Identify all lines below that hold "Implicit" and collect them.
- - - - -
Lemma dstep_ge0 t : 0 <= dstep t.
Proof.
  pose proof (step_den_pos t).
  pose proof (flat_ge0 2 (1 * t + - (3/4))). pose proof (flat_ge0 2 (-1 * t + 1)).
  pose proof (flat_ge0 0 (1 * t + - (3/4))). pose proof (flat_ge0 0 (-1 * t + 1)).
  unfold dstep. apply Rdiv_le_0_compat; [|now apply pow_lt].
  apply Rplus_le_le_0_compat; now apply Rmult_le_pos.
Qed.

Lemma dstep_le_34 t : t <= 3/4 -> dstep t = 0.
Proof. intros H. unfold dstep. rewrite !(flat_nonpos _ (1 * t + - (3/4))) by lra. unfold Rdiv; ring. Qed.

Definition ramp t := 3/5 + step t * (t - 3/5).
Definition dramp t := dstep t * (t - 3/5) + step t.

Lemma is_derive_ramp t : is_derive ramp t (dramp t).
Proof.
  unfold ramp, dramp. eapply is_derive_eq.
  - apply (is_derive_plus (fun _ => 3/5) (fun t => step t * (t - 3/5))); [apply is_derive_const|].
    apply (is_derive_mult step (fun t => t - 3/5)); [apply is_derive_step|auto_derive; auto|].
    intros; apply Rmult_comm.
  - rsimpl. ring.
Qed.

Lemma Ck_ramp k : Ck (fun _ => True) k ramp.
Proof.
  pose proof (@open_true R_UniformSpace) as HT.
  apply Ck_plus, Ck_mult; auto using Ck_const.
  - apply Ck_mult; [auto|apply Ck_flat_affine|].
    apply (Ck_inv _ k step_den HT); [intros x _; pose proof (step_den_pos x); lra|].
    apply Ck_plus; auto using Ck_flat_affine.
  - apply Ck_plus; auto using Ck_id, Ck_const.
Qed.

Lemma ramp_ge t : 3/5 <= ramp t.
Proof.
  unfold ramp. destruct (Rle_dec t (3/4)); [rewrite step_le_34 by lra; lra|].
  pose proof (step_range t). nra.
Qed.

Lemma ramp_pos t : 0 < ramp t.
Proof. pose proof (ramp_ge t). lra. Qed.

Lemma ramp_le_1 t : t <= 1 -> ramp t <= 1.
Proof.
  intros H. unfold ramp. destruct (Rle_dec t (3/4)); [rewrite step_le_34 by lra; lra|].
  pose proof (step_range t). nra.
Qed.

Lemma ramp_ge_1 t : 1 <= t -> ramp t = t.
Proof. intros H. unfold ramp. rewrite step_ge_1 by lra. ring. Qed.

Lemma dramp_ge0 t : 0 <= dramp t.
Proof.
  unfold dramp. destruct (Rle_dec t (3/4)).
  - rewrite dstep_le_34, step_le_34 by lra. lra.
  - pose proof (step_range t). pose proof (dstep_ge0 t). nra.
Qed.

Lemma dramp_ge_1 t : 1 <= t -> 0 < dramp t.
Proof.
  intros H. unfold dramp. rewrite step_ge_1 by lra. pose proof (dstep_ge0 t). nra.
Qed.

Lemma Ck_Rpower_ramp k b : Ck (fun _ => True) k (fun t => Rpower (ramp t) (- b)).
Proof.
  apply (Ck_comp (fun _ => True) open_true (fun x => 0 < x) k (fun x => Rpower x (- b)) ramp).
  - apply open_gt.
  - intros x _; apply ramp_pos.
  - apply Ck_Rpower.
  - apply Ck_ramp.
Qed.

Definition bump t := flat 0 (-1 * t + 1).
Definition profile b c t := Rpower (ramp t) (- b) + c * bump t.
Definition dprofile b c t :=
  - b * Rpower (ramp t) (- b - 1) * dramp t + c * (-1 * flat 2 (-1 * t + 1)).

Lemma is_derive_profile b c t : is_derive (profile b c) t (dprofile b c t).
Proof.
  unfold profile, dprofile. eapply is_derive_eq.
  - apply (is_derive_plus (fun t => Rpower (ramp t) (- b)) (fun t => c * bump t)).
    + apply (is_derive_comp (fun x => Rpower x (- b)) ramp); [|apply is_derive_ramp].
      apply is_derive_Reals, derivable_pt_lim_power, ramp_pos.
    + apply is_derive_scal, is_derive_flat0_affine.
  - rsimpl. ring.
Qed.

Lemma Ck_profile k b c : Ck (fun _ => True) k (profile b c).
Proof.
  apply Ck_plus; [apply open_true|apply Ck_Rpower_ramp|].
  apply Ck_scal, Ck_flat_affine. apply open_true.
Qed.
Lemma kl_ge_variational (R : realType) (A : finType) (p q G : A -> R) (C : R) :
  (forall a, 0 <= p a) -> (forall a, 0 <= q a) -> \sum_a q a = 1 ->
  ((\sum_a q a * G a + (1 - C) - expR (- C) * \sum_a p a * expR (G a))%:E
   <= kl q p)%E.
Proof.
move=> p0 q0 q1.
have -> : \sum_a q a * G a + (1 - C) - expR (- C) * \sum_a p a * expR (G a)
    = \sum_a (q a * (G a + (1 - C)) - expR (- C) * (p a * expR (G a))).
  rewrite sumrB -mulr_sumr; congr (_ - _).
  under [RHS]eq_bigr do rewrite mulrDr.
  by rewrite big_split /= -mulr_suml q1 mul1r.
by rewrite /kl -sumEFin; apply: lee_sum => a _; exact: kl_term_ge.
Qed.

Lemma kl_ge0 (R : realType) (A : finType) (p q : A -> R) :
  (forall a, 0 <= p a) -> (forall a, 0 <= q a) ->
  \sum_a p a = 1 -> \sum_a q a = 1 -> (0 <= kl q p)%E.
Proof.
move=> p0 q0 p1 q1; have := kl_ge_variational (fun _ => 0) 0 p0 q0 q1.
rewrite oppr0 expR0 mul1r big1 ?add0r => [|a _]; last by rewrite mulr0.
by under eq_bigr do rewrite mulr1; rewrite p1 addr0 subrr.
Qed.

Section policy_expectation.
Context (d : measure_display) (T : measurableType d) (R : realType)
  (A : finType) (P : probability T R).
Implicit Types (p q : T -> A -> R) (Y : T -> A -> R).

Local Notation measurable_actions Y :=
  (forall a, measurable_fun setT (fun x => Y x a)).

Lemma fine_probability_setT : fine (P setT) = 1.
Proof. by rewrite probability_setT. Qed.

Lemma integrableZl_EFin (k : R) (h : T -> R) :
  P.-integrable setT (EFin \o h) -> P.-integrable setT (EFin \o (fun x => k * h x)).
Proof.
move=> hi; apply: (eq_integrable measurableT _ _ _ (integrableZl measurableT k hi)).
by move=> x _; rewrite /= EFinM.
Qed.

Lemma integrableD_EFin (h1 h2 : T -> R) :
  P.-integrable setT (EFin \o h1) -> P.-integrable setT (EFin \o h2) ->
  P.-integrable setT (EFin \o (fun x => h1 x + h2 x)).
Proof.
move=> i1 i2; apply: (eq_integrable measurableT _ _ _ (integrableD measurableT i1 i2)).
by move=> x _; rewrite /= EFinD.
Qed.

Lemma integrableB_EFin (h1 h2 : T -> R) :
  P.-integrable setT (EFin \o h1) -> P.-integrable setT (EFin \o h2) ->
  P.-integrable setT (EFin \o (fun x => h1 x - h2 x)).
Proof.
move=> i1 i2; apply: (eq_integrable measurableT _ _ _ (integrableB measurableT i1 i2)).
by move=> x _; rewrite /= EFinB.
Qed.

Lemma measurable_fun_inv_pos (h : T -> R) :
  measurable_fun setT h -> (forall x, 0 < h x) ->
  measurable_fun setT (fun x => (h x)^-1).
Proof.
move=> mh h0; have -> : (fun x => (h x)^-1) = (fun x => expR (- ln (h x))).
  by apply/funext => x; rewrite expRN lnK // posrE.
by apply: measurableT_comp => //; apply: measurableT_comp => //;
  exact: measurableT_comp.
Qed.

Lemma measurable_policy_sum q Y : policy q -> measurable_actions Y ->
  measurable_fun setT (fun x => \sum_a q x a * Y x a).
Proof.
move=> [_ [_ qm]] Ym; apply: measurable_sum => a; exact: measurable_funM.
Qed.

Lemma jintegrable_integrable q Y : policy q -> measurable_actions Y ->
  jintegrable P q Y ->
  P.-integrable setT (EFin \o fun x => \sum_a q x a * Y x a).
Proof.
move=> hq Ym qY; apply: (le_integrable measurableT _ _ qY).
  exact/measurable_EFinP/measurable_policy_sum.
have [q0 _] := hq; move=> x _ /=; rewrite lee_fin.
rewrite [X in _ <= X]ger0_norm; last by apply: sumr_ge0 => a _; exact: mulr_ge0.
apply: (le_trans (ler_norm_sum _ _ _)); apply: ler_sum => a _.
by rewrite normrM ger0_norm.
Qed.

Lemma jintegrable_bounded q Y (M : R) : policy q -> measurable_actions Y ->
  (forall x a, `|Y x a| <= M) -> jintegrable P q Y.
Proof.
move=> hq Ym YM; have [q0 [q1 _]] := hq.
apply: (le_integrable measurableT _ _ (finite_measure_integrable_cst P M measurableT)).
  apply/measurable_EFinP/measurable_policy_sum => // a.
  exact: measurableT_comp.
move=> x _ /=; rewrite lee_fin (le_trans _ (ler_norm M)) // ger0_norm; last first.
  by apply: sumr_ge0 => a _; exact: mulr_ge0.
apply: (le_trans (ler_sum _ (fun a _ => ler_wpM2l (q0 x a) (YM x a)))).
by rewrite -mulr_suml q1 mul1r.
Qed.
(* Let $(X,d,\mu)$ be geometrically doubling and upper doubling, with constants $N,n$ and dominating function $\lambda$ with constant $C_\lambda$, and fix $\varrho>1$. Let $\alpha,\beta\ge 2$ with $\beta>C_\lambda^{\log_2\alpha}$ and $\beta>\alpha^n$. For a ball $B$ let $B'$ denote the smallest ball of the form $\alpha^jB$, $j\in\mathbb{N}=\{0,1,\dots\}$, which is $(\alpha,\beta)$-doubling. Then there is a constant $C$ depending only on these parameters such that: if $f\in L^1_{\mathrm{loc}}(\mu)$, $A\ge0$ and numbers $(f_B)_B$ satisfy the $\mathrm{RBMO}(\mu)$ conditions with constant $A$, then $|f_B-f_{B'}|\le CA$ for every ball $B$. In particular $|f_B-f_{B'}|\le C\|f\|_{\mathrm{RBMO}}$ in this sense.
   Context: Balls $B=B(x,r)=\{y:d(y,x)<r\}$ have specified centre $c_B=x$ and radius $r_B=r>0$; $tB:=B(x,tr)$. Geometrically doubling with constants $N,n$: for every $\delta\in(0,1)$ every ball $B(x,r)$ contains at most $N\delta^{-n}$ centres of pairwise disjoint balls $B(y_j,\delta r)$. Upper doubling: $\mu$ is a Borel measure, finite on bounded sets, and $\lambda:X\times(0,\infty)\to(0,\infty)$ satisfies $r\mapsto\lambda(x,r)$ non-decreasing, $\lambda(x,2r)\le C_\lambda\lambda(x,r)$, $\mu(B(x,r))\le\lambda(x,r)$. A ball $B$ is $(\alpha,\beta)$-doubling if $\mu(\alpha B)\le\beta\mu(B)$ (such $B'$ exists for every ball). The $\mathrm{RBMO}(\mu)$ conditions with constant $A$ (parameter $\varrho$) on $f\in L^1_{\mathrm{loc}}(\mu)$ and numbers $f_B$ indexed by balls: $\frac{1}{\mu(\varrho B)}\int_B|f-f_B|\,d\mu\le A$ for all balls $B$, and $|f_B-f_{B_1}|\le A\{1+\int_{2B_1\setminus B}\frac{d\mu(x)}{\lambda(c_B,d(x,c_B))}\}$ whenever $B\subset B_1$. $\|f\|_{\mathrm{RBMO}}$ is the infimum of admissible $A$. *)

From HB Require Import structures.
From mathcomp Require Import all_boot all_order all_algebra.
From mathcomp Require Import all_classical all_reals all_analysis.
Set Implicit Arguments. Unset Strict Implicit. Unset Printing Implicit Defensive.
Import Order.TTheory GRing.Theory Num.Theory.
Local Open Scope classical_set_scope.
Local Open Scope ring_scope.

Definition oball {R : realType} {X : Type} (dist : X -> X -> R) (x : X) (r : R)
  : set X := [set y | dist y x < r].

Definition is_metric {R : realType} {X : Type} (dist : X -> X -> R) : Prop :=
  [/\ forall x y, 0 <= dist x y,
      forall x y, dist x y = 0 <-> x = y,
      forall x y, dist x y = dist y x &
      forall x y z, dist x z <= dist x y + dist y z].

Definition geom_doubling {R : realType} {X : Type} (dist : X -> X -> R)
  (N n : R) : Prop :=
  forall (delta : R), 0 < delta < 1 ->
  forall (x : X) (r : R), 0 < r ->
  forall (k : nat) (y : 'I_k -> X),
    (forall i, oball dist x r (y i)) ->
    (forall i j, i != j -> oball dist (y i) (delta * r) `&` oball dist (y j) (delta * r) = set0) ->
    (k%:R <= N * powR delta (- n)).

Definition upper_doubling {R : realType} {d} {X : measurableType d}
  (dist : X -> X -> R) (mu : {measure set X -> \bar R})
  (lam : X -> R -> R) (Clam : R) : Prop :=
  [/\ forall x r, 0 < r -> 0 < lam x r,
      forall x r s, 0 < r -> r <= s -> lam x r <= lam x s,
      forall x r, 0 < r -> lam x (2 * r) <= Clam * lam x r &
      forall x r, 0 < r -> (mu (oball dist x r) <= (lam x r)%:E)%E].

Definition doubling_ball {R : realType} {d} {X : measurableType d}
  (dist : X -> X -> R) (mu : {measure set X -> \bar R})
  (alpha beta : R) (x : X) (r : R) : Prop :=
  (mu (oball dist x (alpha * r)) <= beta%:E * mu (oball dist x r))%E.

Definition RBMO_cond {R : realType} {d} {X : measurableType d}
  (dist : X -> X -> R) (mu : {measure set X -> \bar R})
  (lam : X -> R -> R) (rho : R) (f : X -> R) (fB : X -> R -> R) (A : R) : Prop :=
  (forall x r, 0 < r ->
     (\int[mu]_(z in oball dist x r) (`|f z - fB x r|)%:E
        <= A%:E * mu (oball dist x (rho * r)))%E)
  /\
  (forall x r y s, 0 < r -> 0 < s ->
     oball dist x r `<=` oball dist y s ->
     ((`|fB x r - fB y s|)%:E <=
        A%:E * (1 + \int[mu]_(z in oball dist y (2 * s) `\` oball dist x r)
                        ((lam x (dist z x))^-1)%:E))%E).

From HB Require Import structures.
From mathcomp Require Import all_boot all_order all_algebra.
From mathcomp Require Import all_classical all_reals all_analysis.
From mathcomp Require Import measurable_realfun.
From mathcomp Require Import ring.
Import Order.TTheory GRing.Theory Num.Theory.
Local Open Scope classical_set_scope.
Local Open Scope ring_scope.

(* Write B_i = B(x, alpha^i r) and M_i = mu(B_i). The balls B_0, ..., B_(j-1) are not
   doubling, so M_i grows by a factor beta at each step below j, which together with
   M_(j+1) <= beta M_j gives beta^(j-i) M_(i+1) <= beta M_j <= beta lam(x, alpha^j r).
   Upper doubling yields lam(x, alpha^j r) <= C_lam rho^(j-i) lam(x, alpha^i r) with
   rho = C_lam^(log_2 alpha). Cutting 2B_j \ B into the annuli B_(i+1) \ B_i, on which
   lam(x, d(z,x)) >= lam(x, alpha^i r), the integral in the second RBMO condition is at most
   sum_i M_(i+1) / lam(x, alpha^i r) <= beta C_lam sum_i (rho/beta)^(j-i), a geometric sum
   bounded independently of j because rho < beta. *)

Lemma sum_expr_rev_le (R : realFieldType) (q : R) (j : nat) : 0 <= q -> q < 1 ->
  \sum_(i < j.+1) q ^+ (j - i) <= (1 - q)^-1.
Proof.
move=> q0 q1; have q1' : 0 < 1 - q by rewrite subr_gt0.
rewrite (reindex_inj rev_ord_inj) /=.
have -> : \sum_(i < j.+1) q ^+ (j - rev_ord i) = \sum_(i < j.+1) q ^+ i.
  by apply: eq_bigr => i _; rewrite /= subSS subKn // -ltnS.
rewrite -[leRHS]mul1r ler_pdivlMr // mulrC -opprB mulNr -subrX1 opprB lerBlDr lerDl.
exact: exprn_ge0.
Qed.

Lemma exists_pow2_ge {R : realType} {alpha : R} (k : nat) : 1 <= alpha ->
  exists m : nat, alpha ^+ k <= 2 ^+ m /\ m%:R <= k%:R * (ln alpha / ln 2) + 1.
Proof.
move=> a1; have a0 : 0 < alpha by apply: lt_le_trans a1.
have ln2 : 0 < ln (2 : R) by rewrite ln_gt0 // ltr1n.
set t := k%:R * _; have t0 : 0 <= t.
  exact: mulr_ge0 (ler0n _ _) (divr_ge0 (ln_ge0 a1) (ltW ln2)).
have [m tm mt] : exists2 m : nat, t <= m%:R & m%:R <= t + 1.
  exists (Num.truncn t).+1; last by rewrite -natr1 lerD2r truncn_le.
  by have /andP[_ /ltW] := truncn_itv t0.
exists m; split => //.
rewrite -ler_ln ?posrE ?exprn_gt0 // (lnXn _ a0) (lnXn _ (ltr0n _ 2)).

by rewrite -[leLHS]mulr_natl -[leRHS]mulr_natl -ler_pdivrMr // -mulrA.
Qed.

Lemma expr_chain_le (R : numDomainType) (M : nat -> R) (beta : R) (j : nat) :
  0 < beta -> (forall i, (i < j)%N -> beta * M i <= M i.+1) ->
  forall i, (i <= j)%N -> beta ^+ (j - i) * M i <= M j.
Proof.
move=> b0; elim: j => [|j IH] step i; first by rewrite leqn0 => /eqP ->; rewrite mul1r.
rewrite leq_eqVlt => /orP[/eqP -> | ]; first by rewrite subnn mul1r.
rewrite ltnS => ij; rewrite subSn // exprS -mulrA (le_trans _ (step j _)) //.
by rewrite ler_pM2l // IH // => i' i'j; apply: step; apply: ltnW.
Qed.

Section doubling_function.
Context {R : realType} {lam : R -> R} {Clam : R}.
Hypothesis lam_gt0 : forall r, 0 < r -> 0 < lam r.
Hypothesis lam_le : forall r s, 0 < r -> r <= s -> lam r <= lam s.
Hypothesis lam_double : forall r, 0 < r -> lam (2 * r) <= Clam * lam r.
- - - - -
▶ Answer box
Implicit Types (p q : T -> A -> R) (Y : T -> A -> R).
Set Implicit Arguments. Unset Strict Implicit. Unset Printing Implicit Defensive.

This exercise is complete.